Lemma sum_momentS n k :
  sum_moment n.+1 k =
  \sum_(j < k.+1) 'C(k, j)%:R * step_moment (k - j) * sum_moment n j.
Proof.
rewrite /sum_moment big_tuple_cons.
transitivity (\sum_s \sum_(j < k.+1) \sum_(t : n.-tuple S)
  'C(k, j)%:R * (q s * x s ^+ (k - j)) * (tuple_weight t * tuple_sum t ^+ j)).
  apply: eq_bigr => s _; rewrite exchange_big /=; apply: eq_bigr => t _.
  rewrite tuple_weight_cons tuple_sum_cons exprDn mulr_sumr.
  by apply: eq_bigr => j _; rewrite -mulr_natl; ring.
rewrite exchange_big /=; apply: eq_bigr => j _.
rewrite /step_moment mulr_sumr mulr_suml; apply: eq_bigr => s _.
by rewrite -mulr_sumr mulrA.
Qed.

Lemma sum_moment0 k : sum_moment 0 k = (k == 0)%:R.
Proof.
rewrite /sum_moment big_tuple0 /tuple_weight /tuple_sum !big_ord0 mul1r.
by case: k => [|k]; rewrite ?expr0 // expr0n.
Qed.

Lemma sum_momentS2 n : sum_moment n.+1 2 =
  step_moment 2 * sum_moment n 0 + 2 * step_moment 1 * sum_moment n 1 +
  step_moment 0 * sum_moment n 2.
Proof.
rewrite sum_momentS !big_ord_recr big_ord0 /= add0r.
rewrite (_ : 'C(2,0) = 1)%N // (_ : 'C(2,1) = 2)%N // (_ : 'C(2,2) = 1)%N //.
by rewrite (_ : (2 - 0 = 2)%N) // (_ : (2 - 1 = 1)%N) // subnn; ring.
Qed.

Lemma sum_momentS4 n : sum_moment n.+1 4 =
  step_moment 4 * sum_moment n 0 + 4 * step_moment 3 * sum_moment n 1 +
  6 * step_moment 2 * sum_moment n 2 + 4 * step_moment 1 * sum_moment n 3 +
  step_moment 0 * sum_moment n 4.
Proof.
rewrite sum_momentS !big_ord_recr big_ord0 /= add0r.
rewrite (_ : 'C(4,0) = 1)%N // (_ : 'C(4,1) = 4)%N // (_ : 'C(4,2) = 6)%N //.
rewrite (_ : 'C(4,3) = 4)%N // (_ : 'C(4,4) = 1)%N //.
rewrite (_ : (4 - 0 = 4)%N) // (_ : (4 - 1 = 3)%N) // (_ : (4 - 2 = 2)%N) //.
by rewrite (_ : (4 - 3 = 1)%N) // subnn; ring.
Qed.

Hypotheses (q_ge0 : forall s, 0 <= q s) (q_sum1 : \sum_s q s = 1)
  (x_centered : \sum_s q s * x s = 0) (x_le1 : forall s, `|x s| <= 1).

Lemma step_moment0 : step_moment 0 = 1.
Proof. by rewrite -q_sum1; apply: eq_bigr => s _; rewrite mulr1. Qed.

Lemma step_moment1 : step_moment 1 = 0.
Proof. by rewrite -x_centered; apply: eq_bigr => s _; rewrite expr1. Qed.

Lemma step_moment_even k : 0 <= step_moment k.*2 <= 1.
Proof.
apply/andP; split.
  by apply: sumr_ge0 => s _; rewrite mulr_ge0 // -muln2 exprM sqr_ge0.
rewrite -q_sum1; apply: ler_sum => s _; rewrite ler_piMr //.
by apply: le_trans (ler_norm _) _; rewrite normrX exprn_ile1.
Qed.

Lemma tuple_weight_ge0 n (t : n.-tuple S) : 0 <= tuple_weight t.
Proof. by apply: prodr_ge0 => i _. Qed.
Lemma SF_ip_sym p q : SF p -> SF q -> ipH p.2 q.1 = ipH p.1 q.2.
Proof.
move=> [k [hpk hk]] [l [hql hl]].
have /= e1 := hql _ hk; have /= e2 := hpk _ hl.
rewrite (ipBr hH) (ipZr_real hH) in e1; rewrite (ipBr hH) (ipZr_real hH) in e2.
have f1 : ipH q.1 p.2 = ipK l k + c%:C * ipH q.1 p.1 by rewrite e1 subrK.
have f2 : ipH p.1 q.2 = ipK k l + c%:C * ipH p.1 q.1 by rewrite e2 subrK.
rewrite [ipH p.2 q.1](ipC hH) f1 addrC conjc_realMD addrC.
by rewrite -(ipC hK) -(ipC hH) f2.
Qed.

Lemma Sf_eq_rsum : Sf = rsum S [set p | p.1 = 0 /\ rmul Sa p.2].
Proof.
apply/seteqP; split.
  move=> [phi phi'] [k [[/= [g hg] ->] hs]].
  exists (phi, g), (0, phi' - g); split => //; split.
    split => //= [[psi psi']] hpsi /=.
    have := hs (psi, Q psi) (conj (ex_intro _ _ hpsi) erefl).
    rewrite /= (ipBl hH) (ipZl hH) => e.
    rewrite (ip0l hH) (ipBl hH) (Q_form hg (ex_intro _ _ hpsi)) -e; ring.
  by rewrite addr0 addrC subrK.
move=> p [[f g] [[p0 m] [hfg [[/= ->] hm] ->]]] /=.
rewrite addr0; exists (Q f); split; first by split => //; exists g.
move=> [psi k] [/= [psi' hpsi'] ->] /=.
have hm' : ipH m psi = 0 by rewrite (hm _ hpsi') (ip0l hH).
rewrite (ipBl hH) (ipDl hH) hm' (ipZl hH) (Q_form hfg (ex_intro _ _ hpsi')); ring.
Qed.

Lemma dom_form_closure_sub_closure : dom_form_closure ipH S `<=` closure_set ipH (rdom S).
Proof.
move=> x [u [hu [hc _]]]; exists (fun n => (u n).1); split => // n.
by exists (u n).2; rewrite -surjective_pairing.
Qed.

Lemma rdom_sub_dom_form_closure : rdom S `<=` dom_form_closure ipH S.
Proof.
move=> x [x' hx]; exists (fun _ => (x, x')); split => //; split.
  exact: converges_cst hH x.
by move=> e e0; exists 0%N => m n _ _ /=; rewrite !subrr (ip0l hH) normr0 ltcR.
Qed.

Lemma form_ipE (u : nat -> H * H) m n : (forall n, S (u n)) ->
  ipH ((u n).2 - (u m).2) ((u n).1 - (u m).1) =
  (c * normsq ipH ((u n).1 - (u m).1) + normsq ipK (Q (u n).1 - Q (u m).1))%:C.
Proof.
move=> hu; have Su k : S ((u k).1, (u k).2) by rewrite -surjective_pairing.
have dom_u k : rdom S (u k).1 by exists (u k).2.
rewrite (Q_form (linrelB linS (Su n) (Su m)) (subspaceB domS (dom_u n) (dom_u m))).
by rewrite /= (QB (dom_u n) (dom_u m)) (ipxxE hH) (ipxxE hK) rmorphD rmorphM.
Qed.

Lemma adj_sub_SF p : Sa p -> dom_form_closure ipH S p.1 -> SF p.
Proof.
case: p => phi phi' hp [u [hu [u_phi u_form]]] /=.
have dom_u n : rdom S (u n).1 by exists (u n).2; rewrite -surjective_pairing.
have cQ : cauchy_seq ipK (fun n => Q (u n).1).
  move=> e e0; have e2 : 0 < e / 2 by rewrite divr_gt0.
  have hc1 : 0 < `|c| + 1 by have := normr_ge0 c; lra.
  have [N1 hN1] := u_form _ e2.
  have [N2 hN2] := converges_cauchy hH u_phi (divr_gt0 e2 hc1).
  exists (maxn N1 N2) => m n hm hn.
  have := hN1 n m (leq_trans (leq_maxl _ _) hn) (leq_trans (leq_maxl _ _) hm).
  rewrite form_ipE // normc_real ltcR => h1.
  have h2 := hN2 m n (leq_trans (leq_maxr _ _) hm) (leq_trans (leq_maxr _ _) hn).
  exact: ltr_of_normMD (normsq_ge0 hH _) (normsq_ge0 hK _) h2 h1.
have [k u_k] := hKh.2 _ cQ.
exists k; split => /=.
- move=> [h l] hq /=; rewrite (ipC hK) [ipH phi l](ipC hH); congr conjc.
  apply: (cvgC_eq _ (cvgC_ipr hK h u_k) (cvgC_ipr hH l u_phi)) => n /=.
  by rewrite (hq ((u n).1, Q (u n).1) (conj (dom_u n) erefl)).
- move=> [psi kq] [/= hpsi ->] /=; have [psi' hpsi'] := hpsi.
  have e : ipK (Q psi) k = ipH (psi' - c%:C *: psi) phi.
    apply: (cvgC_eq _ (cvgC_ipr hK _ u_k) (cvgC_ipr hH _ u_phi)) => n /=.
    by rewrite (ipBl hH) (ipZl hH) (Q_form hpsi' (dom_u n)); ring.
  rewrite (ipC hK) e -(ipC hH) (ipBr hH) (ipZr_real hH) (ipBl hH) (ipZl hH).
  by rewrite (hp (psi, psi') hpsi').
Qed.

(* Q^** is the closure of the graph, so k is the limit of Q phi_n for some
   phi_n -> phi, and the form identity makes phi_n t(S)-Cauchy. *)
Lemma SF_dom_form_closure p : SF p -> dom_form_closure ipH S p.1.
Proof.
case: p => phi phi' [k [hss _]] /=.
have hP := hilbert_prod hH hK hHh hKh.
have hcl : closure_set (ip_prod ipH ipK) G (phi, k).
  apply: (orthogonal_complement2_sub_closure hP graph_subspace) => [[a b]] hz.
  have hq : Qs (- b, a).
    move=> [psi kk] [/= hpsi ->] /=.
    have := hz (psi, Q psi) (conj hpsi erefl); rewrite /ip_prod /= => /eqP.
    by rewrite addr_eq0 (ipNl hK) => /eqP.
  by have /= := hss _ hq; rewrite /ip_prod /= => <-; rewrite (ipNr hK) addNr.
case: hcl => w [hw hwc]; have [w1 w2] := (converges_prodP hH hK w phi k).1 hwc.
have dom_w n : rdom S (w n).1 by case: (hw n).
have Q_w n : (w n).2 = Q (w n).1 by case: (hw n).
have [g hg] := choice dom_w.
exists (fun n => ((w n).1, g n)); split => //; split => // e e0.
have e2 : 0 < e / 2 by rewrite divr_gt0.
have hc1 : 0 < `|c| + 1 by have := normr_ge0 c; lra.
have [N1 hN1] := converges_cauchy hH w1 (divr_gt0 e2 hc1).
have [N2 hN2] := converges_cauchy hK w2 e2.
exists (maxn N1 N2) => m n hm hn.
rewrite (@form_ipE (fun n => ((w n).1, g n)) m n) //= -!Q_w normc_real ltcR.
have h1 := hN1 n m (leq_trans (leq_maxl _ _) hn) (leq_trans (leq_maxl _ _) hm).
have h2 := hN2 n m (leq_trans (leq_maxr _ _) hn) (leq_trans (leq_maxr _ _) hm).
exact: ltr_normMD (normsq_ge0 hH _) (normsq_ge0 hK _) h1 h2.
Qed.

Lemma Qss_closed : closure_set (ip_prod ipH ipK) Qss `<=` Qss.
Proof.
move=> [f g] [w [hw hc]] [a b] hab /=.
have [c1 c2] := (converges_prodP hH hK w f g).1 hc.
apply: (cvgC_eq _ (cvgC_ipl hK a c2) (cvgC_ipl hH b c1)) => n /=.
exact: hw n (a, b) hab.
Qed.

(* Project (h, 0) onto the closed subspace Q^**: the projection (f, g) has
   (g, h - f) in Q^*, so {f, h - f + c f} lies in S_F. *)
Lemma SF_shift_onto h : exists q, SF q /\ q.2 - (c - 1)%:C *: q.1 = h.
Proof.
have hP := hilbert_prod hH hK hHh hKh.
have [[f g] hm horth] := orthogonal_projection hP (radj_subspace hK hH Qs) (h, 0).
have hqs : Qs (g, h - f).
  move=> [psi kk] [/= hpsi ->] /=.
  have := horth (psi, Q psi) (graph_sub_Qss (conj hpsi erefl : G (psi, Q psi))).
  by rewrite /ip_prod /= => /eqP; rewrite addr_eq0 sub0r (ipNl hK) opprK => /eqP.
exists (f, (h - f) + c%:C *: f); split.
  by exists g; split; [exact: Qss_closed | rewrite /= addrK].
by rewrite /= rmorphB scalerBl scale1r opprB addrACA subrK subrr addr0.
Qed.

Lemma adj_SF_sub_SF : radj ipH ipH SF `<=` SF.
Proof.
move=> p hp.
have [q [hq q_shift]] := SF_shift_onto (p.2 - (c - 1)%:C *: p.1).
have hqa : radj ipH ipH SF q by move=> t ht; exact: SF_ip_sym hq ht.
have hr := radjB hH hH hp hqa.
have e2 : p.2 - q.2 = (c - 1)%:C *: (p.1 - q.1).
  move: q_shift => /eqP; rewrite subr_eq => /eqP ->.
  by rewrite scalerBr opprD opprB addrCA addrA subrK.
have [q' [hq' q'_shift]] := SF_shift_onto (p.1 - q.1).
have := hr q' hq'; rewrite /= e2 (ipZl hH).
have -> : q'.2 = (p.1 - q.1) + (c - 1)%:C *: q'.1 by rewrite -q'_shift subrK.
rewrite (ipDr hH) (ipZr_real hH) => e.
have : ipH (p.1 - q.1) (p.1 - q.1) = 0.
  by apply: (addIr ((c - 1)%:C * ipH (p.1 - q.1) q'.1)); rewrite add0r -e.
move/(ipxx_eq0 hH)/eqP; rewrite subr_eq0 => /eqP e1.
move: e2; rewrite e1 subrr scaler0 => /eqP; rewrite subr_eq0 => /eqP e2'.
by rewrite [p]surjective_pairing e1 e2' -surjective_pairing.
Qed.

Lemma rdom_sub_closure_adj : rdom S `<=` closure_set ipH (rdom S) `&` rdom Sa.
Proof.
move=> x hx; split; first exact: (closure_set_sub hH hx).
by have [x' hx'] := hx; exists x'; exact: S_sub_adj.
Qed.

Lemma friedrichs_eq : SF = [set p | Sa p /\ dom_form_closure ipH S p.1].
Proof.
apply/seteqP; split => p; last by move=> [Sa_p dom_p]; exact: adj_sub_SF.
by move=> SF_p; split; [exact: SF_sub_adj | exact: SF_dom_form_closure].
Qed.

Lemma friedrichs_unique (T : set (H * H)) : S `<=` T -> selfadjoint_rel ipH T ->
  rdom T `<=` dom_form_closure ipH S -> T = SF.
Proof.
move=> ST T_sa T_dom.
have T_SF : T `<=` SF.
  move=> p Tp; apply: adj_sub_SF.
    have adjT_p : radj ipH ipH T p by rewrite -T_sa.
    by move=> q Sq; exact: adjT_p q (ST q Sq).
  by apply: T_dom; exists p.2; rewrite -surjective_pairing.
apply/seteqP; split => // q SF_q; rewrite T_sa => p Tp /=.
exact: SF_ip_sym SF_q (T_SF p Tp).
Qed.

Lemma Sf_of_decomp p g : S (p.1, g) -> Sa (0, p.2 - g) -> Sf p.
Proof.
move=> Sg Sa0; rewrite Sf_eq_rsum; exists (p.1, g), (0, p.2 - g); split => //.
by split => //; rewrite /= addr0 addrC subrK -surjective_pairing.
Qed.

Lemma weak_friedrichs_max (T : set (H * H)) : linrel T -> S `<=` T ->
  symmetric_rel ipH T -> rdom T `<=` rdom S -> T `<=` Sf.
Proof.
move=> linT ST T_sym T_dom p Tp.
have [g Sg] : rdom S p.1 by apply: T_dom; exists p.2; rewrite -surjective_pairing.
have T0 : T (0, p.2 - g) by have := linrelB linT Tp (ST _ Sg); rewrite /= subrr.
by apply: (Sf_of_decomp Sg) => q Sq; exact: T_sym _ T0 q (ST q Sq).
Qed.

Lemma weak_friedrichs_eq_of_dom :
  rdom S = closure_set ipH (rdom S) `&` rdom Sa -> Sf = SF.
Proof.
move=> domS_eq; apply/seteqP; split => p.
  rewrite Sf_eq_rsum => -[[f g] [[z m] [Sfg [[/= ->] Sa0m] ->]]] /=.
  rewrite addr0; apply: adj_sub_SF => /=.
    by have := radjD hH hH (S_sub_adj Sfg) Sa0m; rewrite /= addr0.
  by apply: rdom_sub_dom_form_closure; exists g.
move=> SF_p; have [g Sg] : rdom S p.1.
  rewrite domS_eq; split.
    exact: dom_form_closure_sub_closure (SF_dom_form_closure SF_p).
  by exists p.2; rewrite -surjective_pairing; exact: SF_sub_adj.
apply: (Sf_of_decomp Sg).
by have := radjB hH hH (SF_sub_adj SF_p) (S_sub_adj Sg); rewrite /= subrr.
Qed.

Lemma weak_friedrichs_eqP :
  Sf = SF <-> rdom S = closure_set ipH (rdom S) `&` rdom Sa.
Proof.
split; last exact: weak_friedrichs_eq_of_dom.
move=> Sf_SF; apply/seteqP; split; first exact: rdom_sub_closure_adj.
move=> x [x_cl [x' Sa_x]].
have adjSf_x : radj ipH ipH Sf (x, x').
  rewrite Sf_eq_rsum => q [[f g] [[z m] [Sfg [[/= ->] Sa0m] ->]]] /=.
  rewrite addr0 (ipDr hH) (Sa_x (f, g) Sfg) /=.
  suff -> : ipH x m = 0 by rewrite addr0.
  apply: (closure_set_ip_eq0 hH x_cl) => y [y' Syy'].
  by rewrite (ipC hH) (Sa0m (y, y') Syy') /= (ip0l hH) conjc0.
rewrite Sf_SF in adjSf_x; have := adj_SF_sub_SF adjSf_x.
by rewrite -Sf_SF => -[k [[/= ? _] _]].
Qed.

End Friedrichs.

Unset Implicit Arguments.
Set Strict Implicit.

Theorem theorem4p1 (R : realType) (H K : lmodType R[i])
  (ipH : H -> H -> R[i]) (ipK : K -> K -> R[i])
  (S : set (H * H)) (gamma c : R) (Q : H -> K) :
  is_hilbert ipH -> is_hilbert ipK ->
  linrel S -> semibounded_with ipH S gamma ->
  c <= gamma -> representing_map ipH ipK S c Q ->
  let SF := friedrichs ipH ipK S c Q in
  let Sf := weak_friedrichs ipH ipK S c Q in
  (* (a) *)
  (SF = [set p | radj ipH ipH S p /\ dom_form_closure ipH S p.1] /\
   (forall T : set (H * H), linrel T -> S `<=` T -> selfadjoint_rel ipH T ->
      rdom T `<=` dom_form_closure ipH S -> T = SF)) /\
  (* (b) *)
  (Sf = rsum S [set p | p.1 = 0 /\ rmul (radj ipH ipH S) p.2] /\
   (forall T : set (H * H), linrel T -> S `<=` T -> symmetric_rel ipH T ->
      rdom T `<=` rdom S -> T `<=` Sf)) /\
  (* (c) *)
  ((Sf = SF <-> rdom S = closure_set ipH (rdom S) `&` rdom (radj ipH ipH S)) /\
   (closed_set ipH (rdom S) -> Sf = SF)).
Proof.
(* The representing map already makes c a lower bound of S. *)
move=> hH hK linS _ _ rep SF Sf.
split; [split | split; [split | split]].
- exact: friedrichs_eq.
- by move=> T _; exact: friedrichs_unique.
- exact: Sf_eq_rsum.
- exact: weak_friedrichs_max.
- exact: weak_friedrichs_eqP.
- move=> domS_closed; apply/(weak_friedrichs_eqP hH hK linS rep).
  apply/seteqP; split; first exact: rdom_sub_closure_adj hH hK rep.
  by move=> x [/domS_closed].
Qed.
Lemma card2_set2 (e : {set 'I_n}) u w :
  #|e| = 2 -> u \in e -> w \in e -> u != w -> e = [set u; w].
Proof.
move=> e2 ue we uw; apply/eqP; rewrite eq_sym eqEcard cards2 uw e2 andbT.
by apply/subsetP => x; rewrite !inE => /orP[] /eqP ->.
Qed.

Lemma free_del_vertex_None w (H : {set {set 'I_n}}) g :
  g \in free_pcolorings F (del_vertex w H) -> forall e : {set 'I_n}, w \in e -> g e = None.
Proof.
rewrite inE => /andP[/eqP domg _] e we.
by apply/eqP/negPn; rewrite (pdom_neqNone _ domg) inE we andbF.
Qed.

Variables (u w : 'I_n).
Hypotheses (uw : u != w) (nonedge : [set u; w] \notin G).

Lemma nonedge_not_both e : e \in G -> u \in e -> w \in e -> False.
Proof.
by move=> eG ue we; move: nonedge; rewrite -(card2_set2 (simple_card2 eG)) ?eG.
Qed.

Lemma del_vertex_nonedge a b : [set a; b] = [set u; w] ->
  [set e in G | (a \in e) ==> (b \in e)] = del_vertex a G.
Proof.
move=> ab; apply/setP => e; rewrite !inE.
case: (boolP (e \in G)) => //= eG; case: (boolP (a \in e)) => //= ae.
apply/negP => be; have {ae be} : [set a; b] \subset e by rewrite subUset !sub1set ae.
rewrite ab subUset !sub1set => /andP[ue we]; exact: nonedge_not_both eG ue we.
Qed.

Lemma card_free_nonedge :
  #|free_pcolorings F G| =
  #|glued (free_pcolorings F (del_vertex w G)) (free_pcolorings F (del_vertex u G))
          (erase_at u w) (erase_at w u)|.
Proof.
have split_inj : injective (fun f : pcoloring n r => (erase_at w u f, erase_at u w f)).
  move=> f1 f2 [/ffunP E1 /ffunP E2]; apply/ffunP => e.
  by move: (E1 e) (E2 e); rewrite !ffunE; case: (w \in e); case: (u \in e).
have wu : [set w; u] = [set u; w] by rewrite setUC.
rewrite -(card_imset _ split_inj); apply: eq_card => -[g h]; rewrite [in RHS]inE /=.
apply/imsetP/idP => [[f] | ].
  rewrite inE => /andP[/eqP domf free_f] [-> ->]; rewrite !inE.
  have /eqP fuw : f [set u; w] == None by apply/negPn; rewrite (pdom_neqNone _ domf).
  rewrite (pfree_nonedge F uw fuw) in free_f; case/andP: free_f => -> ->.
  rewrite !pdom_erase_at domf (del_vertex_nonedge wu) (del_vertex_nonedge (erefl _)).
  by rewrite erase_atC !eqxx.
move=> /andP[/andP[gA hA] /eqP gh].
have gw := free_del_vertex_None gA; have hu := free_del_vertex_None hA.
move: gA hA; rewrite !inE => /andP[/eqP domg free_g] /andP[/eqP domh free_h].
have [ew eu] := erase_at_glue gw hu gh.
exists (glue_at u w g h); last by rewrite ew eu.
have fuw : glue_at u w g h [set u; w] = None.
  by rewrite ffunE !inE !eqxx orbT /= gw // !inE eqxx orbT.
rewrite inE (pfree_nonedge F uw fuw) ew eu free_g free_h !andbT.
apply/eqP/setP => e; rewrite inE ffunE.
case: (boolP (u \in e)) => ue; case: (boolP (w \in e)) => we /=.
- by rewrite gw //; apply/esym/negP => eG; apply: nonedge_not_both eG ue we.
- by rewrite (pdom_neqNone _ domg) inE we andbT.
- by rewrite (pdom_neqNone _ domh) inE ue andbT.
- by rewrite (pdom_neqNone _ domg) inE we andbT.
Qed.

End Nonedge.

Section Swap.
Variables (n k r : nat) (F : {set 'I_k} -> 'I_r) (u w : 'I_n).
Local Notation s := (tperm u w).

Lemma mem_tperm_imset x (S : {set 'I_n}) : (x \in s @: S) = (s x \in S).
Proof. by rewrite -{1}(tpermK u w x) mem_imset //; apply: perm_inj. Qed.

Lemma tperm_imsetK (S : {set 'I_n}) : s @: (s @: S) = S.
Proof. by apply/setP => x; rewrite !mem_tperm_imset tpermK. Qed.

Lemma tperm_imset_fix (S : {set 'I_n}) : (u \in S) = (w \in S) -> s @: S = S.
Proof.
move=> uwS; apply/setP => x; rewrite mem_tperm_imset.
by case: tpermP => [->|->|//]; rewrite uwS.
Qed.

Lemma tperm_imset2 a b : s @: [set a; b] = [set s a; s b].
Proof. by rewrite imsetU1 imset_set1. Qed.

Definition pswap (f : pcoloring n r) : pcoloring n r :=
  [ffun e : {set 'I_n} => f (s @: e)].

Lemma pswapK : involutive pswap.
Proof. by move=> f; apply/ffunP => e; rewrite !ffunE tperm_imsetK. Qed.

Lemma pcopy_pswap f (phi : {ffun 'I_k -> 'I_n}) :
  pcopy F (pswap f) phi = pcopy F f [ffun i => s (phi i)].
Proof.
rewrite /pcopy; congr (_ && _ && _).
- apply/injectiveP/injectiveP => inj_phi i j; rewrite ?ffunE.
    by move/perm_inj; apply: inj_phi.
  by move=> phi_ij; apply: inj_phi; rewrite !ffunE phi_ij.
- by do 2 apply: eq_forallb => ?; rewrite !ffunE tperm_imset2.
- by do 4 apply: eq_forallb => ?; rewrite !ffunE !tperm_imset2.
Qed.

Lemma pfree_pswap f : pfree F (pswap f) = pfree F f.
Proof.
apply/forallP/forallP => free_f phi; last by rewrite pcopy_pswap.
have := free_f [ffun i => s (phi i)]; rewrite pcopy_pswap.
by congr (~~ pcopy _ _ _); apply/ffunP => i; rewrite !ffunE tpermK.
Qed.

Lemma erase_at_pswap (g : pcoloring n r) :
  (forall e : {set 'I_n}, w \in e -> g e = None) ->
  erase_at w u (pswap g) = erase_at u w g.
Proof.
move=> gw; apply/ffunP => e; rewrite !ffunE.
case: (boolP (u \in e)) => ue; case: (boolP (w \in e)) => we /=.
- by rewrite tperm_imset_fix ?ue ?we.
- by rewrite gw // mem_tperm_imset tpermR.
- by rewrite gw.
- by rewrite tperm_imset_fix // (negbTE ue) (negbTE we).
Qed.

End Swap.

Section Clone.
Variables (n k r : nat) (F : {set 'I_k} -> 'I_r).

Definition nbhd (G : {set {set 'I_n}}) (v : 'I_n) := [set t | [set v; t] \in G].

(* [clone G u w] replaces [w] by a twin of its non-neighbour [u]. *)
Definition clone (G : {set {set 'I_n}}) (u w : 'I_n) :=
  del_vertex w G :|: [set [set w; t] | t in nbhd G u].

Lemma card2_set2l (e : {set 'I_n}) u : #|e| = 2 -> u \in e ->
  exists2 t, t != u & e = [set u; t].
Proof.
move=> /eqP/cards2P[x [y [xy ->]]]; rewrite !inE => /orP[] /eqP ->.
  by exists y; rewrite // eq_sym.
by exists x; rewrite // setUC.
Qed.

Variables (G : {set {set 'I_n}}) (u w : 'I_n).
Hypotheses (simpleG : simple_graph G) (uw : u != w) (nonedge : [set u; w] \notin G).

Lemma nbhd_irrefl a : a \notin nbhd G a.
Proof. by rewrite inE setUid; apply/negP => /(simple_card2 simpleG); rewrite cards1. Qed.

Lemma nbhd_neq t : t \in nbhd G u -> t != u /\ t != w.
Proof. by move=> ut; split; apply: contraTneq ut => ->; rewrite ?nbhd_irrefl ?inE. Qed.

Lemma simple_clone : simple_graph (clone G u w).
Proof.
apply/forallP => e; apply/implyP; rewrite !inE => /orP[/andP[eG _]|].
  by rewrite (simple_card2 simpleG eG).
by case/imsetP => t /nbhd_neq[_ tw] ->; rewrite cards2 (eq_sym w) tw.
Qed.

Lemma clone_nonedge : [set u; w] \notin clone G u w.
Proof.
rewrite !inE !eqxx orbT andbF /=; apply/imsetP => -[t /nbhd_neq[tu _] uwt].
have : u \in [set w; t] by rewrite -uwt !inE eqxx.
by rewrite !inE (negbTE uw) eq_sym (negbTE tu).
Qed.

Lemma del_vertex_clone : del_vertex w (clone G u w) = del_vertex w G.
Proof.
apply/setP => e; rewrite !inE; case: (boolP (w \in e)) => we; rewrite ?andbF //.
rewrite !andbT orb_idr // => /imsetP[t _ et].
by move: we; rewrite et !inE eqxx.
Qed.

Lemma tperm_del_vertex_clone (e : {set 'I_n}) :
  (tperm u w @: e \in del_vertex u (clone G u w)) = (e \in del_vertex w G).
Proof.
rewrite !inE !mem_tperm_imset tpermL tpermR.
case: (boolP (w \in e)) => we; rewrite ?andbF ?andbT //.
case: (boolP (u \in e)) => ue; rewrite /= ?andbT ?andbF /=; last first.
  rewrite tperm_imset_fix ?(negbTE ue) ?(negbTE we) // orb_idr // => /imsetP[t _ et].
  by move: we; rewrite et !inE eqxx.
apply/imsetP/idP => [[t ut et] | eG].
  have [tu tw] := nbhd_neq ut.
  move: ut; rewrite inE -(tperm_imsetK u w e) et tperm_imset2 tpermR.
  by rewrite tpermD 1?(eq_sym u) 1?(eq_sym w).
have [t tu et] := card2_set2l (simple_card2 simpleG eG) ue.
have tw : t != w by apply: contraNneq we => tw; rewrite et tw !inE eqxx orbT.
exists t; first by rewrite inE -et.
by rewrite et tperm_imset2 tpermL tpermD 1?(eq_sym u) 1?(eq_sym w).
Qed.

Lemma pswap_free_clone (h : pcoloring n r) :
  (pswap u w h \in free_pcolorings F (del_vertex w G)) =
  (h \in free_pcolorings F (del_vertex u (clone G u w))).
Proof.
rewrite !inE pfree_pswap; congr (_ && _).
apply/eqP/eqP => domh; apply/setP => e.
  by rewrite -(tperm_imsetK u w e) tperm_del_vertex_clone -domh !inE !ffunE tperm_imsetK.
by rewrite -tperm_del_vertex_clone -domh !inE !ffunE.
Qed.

____________________

Your goal:
Going through the listing above, copy out every line that has the string "ipNl".

Task result:
    by rewrite addr_eq0 (ipNl hK) => /eqP.
  by rewrite /ip_prod /= => /eqP; rewrite addr_eq0 sub0r (ipNl hK) opprK => /eqP.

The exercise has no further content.